TerfTalking · 06/10/2023 14:26

Mevawall · 06/10/2023 12:08

@C00kp1ssBabtridge (I hope it worked correctly) Yes that’s something he’s getting help with at the moment as he wouldn’t be here on a spousal visa initially and the right to work remotely here is quite a new area of the immigration process apparently and would need to be taxed by bother countries in some way for legal reason.

🤨 I would question that very heavily

bonzaitree · 06/10/2023 14:28

No just no.

Maia77 · 06/10/2023 14:29

He could use Revolut to send you money. It's easy.

UltimateInteriors · 06/10/2023 14:31

How old are you both?

UltimateInteriors · 06/10/2023 14:33

NC as I have friends who use MN.

Yeah course you do 😏

How is changing your name actually going to hide who you are?
I can't believe you are living this life and none of your friends have a clue about it.

Maia77 · 06/10/2023 14:34

Unfortunately it does sound like a scam because there is no need to have joint accounts at this stage. It's a bit insane. Transferring money is so easy, if he wants to help you financially.

GonnaGetGoingReturns · 06/10/2023 14:34

I’ve got close friends in USA and if I’ve ever transferred money it’s been via Paypal as far as I recall. No need for banks or transfer that way.

A NDN’s DH is living and working with his family in Canada too, it’s true, that side of the Atlantic is notoriously behind with online banking being modern like ours is.

GonnaGetGoingReturns · 06/10/2023 14:35

UltimateInteriors · 06/10/2023 14:31

How old are you both?

She says they’re both in 40s.

willWillSmithsmith · 06/10/2023 14:36

Ellmau · 06/10/2023 14:22

I'm curious as to what his job is that it involves night shifts but is fully remote.

Hmmm 🤔 curious.

Redruby2020 · 06/10/2023 14:38

Mevawall · 06/10/2023 11:13

Can you elaborate on how it is a scam? I don’t have anything to give, I’m not sure how I can be scammed tbh or how it’s unsafe. The children will always have a base with their father, I’m unsure how this differs from any other new relationship bar the distance which is currently unavoidable.

Why is he asking you to have a joint account in the US then, or did I read that wrongly?
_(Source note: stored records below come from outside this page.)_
Lemma nbh_uniq : is_3graph H -> forall u v w, w \in nbh H u v -> uniq [:: u; v; w].
Proof.
move=> H3 u v w; rewrite inE => /H3 card3; apply/card_uniqP; rewrite /= -card3 -cardsE.
by apply: eq_card => x; rewrite !inE orbA.
Qed.

Definition heavy (K : nat) (u v : V) : bool := K <= codeg H u v.

Lemma heavyC K u v : heavy K u v = heavy K v u.
Proof. by rewrite /heavy codegC. Qed.

End Graph.

Section Skeleton.
Variables (V : finType) (H : {set {set V}}) (k K : nat).
Hypotheses (k_gt0 : 0 < k) (K_ge2k : 2 * k <= K).

(* A skeleton is a cyclic list of entries (v, o).  With w the vertex of the next
   entry, (v, Some r) stands for the edge v w r of the copy of C_k^3, and
   (v, None) for a heavy pair v w whose expansion vertex is still to be chosen.
   split_link also requires the outer pairs v r and r w to be heavy, so that
   (v, Some r) may be replaced by the two entries (v, None), (r, None). *)
Definition link (x : V * option V) (w : V) : bool :=
  if x.2 is Some r then r \in nbh H x.1 w else heavy H K x.1 w.

Definition split_link (x : V * option V) (w : V) : bool :=
  if x.2 is Some r then [&& r \in nbh H x.1 w, heavy H K x.1 r & heavy H K r w]
  else heavy H K x.1 w.

Definition skel_cycle (lnk : V * option V -> V -> bool) (s : seq (V * option V)) :=
  cycle (fun x y => lnk x y.1) s.

Definition skel_vertices (s : seq (V * option V)) := pmap snd s ++ map fst s.

Lemma perm_skel_vertices s s' :
  perm_eq s s' -> perm_eq (skel_vertices s) (skel_vertices s').
Proof. by move=> s_s'; rewrite perm_cat ?perm_pmap ?perm_map. Qed.

Lemma skel_rot_to s x : x \in s ->
  exists2 q : seq (V * option V), perm_eq s (x :: q) &
    forall lnk, skel_cycle lnk (x :: q) = skel_cycle lnk s.
Proof.
case/rot_to => i q rot_s; exists q => [|lnk]; rewrite -rot_s.
  by rewrite perm_sym perm_rot.
exact: rot_cycle.
Qed.

Lemma C3_of_complete_skeleton s :
  size s = k -> size (pmap snd s) = k -> skel_cycle link s ->
  uniq (skel_vertices s) -> contains_C3 k H.
Proof.
case: s => [/= k0|x0 s0]; first by move: k_gt0; rewrite -k0.
set s := x0 :: s0 => size_s full_s cyc_s.
rewrite /skel_vertices cat_uniq => /and3P[uniq_snd disj uniq_fst].
pose f (i : 'I_k) := nth x0.1 (map fst s) i.
pose g (i : 'I_k) := nth x0.1 (pmap snd s) i.
have sndE i : i < k -> (nth x0 s i).2 = Some (nth x0.1 (pmap snd s) i).
  have all_snd : all (fun x : V * option V => isSome x.2) s.
    by rewrite all_count -size_pmap full_s size_s.
  have := pmapS_filter (@snd V (option V)) s; rewrite (all_filterP all_snd) => snd_s lt_ik.
  by rewrite -(nth_map _ None) ?size_s // -snd_s (nth_map x0.1) ?full_s.
exists f, g; split.
- move=> i j /eqP; rewrite nth_uniq ?size_map ?size_s // => /eqP; exact: val_inj.
- move=> i j /eqP; rewrite nth_uniq ?full_s // => /eqP; exact: val_inj.
- move=> i j; apply: contraNneq disj => fg; apply/hasP; exists (f i).
    by rewrite mem_nth ?size_map ?size_s.
  by rewrite fg mem_nth ?full_s.
- move=> i; have /(cycle_nth _ x0)/(_ i) := cyc_s; rewrite size_s => /(_ (ltn_ord i)).
  rewrite /link sndE // inE /f /g !(nth_map x0) ?size_s ?ltn_pmod //.
Qed.

Lemma C3_of_link_skeleton s :
  size s = k -> skel_cycle link s -> uniq (skel_vertices s) -> contains_C3 k H.
Proof.
move Dn: (k - size (pmap snd s)) => n; elim: n s Dn => [|n IHn] s Dn size_s cyc_s uniq_s.
  have le_snd_s : size (pmap snd s) <= size s by rewrite size_pmap count_size.
  have full_s : size (pmap snd s) = k by lia.
  exact: C3_of_complete_skeleton full_s cyc_s uniq_s.
have /allPn[[v [//|]] s_vo _] : ~~ all (fun x : V * option V => isSome x.2) s.
  by rewrite all_count -size_pmap size_s; apply/eqP; lia.
have [q s_q cyc_q] := skel_rot_to s_vo; rewrite -cyc_q in cyc_s.
have size_s' : size s = (size q).+1 by rewrite (perm_size s_q).
have size_snd_s : size (pmap snd s) = size (pmap snd q).
  by rewrite (perm_size (perm_pmap snd s_q)).
rewrite size_snd_s in Dn; rewrite size_s' in size_s.
pose w := (head (v, None) q).1.
have heavy_vw : heavy H K v w by move: cyc_s; rewrite /w; case: (q) => [|y q'] /andP[].
have [r r_vw r_fresh] : exists2 r, r \in nbh H v w & r \notin skel_vertices ((v, None) :: q).
  (* fewer than 2k <= K vertices are in use *)
  apply: exists_mem_notin; apply: leq_trans heavy_vw.
  by rewrite size_cat size_map /=; lia.
apply: (IHn ((v, Some r) :: q)) => //.
- by rewrite /=; lia.
- apply: (@cycle_cons_replace _ _ fst link (v, None) _ [::]) => //=.
  by move: r_vw; rewrite /w /link; case: (q).
- rewrite (perm_uniq (perm_skel_vertices s_q)) in uniq_s.
  by rewrite [skel_vertices _]/= cons_uniq r_fresh.
Qed.

Lemma C3_of_skeleton s :
  size s <= k <= size s + size (pmap snd s) -> skel_cycle split_link s ->
  uniq (skel_vertices s) -> contains_C3 k H.
Proof.
move Dn: (k - size s) => n; elim: n s Dn => [|n IHn] s Dn /andP[le_s_k le_k_s] cyc_s uniq_s.
  have size_s : size s = k by apply/eqP; rewrite eqn_leq le_s_k -subn_eq0 Dn.
  apply: C3_of_link_skeleton size_s _ uniq_s; apply: sub_cycle cyc_s => x y.
  by rewrite /link /split_link; case: x.2 => // r /andP[].
have [r] : exists r, r \in pmap snd s.
  by case: (pmap snd s) le_k_s => [|r ?]; [rewrite addn0; lia | exists r; rewrite inE eqxx].
rewrite mem_pmap => /mapP[[v o] s_vr /= Eo]; subst o.
have [q s_q cyc_q] := skel_rot_to s_vr; rewrite -cyc_q in cyc_s.
pose w := (head (v, Some r) q).1.
have /and3P[_ heavy_vr heavy_rw] : split_link (v, Some r) w.
  by case: q {s_q cyc_q} cyc_s @w => [|y q] /andP[].
have size_s : size s = (size q).+1 by rewrite (perm_size s_q).
have size_snd_s : size (pmap snd s) = (size (pmap snd q)).+1.
  by rewrite (perm_size (perm_pmap snd s_q)).
rewrite size_s in Dn le_s_k; rewrite size_s size_snd_s in le_k_s.
apply: (IHn [:: (v, None), (r, None) & q]).
- by rewrite /=; lia.
- by rewrite /=; apply/andP; split; lia.
- apply: (@cycle_cons_replace _ _ fst split_link (v, Some r) _ [:: (r, None)]) => //=.
    by rewrite andbT.
  by move: heavy_rw; rewrite /w; case: (q).
- have split_vr : perm_eq (skel_vertices ((v, Some r) :: q))
                          (skel_vertices [:: (v, None), (r, None) & q]).
    by rewrite /skel_vertices /= -(cat1s r) perm_catCA perm_cat2l -(cat1s v) perm_catCA.
  by rewrite -(perm_uniq split_vr) -(perm_uniq (perm_skel_vertices s_q)).
Qed.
willWillSmithsmith · 06/10/2023 14:38

Which members of his family have you met? Are there actual photos of him with his ‘step’ children? Can you honestly back everything he’s told you and shown you as proof of his authenticity?

Lorieandrews · 06/10/2023 14:38

Mevawall · 06/10/2023 11:13

Can you elaborate on how it is a scam? I don’t have anything to give, I’m not sure how I can be scammed tbh or how it’s unsafe. The children will always have a base with their father, I’m unsure how this differs from any other new relationship bar the distance which is currently unavoidable.

Data has surpassed oil in value and you wonder how it could be a scam?!?

data. Passport numbers (you’d need ID to open a bank account) oh there’s so so many….

HundredMilesAnHour · 06/10/2023 14:39

AFieldGuideToTrees · 06/10/2023 14:18

It'd be a relief if the OP was trolling us!!!

I hope so! If not, this is the worst case of being so stupid that you don't even realise you're stupid that I've ever seen.